= Beginning of Section =

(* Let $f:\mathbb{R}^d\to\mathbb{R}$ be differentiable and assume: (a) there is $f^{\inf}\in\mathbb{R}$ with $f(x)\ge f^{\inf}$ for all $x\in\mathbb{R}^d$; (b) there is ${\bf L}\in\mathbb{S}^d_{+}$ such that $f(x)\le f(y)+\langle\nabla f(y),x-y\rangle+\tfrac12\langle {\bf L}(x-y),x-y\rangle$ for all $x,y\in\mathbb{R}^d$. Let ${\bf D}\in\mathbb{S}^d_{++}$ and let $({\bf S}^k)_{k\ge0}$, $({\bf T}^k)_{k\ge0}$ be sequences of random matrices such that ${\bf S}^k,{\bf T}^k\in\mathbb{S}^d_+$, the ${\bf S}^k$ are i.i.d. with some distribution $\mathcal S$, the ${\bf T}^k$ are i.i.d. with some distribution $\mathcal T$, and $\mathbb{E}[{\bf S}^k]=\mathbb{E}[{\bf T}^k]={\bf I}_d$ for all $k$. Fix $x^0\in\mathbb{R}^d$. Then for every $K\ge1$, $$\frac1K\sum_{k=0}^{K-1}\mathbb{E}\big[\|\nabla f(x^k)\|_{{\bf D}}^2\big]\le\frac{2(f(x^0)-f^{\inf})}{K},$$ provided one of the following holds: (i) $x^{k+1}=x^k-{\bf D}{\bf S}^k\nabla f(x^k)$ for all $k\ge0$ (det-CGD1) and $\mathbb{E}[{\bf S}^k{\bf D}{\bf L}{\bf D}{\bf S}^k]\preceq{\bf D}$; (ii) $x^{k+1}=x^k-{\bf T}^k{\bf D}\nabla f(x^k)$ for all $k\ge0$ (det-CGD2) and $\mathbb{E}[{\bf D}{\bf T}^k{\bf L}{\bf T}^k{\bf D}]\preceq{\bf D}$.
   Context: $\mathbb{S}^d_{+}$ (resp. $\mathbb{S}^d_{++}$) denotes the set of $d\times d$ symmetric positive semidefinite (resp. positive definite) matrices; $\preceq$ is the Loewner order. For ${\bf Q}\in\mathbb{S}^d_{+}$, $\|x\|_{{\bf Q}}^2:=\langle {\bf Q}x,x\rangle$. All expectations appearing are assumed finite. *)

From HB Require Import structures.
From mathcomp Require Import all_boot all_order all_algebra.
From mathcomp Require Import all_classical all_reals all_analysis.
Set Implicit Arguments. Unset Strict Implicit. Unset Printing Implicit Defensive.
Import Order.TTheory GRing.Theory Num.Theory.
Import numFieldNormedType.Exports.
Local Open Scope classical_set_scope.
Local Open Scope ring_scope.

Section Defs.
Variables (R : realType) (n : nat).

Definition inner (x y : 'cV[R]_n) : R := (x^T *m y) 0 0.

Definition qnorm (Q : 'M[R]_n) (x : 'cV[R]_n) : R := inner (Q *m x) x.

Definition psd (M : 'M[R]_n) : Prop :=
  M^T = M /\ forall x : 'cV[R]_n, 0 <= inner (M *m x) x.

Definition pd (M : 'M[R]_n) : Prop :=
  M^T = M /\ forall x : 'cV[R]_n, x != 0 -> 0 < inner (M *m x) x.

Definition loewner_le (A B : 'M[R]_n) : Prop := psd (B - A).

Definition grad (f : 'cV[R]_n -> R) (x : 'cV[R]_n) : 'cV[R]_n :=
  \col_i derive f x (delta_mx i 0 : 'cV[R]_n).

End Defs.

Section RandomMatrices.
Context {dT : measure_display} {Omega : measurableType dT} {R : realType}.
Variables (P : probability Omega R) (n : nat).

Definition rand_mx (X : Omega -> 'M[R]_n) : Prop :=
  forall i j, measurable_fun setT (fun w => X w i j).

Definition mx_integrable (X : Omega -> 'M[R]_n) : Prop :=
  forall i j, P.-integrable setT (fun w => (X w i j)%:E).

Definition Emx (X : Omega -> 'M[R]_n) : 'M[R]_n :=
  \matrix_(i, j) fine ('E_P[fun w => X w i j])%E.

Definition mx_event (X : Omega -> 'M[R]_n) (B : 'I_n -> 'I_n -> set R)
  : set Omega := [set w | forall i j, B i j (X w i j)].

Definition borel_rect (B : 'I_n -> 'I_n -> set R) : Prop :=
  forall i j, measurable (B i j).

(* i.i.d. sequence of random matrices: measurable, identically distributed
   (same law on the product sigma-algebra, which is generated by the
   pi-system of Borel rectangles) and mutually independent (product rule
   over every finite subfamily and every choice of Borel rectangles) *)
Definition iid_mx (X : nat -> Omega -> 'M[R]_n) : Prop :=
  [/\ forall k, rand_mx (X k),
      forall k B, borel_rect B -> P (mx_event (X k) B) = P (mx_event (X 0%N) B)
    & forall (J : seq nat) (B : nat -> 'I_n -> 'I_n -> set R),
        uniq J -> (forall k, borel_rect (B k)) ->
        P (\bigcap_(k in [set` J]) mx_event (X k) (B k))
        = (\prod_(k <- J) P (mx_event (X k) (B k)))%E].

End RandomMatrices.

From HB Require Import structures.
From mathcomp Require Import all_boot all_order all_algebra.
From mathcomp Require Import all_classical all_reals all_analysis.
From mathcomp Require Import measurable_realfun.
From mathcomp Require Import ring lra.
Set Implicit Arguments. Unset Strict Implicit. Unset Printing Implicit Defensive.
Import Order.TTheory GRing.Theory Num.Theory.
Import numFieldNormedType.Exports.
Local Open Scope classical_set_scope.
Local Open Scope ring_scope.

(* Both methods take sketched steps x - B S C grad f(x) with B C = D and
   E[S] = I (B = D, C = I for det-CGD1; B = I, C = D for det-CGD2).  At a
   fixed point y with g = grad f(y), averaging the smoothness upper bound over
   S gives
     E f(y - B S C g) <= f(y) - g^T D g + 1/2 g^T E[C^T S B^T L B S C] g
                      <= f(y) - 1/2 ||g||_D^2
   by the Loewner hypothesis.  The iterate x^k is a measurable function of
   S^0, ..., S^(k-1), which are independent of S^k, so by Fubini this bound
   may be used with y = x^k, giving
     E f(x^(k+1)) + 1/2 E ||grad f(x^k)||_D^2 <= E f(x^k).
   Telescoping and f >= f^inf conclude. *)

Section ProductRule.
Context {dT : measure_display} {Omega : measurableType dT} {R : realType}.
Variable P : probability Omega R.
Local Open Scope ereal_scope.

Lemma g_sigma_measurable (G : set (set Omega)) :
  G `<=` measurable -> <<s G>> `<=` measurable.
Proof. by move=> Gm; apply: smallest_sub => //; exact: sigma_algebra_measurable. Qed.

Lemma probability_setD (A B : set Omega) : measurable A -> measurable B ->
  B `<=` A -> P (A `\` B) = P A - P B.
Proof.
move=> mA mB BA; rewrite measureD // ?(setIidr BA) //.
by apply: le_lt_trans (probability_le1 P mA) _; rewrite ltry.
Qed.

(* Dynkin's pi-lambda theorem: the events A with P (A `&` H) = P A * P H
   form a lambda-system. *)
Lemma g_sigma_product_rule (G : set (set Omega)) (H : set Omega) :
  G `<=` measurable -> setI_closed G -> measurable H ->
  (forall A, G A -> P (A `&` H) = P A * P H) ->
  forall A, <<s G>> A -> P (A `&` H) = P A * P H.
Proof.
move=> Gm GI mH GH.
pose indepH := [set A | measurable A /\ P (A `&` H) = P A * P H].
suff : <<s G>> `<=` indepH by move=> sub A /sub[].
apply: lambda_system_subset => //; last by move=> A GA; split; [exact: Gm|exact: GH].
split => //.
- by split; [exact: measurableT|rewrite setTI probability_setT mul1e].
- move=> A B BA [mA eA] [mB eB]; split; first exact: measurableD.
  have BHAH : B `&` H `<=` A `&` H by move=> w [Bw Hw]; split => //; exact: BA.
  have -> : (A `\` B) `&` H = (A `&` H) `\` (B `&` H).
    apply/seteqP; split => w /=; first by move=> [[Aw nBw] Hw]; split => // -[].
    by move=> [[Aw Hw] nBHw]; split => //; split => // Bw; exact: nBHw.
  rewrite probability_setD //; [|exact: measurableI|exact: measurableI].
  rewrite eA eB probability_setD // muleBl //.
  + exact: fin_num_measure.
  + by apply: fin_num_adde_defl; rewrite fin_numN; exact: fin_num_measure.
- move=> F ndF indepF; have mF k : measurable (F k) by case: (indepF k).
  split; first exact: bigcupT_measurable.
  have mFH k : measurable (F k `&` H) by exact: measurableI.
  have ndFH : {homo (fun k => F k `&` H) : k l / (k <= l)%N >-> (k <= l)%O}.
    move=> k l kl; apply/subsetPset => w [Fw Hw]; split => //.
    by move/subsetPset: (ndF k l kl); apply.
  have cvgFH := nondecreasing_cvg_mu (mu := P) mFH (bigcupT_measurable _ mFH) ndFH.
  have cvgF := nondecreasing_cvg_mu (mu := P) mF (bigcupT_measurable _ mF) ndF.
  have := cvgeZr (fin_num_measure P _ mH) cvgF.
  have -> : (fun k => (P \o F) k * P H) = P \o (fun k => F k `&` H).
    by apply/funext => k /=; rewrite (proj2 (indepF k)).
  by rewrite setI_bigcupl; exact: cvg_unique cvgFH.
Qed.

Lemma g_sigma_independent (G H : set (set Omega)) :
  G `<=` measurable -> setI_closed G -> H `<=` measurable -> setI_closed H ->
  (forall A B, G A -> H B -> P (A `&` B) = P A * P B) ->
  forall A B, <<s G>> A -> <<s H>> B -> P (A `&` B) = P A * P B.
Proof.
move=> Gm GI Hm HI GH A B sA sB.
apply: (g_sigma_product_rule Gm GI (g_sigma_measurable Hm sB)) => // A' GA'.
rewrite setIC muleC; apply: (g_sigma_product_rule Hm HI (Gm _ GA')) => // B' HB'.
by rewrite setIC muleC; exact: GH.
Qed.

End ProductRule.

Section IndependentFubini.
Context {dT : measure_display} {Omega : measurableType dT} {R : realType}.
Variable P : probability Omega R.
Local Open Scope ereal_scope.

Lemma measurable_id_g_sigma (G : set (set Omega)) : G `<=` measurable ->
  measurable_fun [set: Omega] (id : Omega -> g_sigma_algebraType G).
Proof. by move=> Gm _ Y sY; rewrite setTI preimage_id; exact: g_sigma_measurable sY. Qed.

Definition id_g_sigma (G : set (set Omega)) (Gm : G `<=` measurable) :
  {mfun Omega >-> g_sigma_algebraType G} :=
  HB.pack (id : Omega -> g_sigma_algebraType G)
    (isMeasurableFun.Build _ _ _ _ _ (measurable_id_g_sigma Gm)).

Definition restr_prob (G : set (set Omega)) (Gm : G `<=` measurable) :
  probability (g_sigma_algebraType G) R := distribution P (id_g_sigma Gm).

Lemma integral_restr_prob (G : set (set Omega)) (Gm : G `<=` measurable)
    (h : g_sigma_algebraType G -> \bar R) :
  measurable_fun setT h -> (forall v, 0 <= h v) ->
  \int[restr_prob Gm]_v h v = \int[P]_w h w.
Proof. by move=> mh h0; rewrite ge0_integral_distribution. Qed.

= End of Section =

§ **TASK DETAILS**:
Which lines above contain the word "bound"? Copy each one.

§ **RESULT**:
   fixed point y with g = grad f(y), averaging the smoothness upper bound over
   S^0, ..., S^(k-1), which are independent of S^k, so by Fubini this bound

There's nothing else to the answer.